= Material shown =

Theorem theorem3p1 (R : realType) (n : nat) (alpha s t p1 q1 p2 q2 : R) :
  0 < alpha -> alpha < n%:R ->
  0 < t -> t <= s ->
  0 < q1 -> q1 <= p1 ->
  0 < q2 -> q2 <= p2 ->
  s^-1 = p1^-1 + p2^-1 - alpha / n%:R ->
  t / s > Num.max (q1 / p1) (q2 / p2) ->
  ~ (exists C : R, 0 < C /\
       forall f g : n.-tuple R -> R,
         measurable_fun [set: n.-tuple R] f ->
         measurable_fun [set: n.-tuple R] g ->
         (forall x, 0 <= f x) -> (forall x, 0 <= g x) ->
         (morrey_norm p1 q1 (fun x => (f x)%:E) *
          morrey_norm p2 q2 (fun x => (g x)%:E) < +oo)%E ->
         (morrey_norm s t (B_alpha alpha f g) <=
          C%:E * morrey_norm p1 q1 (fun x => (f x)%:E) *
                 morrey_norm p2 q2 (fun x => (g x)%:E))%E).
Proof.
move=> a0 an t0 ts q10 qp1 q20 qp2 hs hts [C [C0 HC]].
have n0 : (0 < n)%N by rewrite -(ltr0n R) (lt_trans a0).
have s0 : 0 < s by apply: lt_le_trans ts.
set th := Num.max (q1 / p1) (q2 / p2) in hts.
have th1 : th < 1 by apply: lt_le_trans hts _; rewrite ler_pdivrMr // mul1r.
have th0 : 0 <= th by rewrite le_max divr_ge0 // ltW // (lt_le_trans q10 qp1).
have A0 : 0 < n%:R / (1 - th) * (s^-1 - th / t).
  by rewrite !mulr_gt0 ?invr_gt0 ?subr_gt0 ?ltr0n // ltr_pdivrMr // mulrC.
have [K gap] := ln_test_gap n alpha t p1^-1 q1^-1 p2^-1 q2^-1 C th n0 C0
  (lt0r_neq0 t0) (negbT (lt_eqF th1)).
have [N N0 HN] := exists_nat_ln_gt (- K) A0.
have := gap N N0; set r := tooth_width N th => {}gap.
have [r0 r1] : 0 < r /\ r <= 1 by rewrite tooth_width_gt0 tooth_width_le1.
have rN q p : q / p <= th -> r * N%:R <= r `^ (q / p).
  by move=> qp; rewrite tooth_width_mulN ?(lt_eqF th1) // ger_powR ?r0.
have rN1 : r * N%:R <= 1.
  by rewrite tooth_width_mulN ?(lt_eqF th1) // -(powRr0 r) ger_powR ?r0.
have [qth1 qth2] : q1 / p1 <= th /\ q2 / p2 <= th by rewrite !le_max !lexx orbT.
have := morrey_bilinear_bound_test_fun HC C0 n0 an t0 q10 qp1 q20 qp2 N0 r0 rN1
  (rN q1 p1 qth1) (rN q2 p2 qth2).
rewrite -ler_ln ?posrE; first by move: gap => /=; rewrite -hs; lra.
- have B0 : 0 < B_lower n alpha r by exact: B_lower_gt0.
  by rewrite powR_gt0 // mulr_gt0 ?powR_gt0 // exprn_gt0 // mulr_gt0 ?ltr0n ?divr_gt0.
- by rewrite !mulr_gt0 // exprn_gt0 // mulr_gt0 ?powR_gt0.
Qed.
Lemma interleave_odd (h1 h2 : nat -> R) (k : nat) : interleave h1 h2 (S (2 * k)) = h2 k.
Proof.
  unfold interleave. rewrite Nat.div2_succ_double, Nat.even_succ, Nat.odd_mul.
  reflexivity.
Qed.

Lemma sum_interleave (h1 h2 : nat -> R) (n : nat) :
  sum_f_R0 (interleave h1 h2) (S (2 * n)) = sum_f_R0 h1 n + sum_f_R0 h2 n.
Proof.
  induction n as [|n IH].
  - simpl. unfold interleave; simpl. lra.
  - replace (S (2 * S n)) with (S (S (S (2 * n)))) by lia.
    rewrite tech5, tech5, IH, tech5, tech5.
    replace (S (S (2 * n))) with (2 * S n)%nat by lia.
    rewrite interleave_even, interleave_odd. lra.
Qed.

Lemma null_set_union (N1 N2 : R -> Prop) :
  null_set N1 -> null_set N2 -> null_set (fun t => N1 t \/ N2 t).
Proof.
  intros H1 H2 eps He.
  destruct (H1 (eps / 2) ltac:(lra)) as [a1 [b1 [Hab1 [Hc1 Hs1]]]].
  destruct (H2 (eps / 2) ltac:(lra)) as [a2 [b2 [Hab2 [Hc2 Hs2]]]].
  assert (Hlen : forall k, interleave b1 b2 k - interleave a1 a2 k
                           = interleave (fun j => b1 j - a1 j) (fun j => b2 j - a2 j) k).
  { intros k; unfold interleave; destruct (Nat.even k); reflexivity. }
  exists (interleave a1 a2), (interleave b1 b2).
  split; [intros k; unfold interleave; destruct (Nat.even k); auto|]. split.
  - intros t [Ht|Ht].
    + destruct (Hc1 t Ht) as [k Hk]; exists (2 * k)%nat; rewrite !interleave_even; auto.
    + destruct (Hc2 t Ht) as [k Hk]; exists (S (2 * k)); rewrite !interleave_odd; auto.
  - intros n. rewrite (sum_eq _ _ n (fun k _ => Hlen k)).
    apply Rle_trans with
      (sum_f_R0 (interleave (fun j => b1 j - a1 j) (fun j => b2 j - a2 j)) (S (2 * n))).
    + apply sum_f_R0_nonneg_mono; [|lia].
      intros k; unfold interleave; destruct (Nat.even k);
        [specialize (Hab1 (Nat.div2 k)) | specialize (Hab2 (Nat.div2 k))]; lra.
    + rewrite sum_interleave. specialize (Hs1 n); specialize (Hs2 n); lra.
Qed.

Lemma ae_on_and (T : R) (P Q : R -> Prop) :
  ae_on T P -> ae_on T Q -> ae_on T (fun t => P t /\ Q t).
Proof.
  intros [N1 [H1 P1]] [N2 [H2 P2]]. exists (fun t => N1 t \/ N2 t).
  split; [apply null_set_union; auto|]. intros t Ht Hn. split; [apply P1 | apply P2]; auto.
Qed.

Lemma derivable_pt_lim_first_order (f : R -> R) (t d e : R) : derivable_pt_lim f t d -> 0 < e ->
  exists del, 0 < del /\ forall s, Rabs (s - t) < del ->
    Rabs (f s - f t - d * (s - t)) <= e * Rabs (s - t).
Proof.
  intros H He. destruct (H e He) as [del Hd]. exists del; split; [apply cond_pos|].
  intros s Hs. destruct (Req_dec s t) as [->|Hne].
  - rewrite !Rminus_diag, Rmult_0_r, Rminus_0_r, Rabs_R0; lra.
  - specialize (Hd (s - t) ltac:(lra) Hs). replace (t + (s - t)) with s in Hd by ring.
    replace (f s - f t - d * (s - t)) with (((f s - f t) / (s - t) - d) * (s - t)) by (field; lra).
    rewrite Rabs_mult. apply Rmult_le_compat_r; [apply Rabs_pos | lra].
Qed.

= What is being asked =
Look above for the line with "split; [intros k;" and the line with "apply sum_f_R0_nonneg_mono; [|lia].". Retype those two lines and every line between them exactly, adding nothing.

= Written response =
  split; [intros k; unfold interleave; destruct (Nat.even k); auto|]. split.
  - intros t [Ht|Ht].
    + destruct (Hc1 t Ht) as [k Hk]; exists (2 * k)%nat; rewrite !interleave_even; auto.
    + destruct (Hc2 t Ht) as [k Hk]; exists (S (2 * k)); rewrite !interleave_odd; auto.
  - intros n. rewrite (sum_eq _ _ n (fun k _ => Hlen k)).
    apply Rle_trans with
      (sum_f_R0 (interleave (fun j => b1 j - a1 j) (fun j => b2 j - a2 j)) (S (2 * n))).
    + apply sum_f_R0_nonneg_mono; [|lia].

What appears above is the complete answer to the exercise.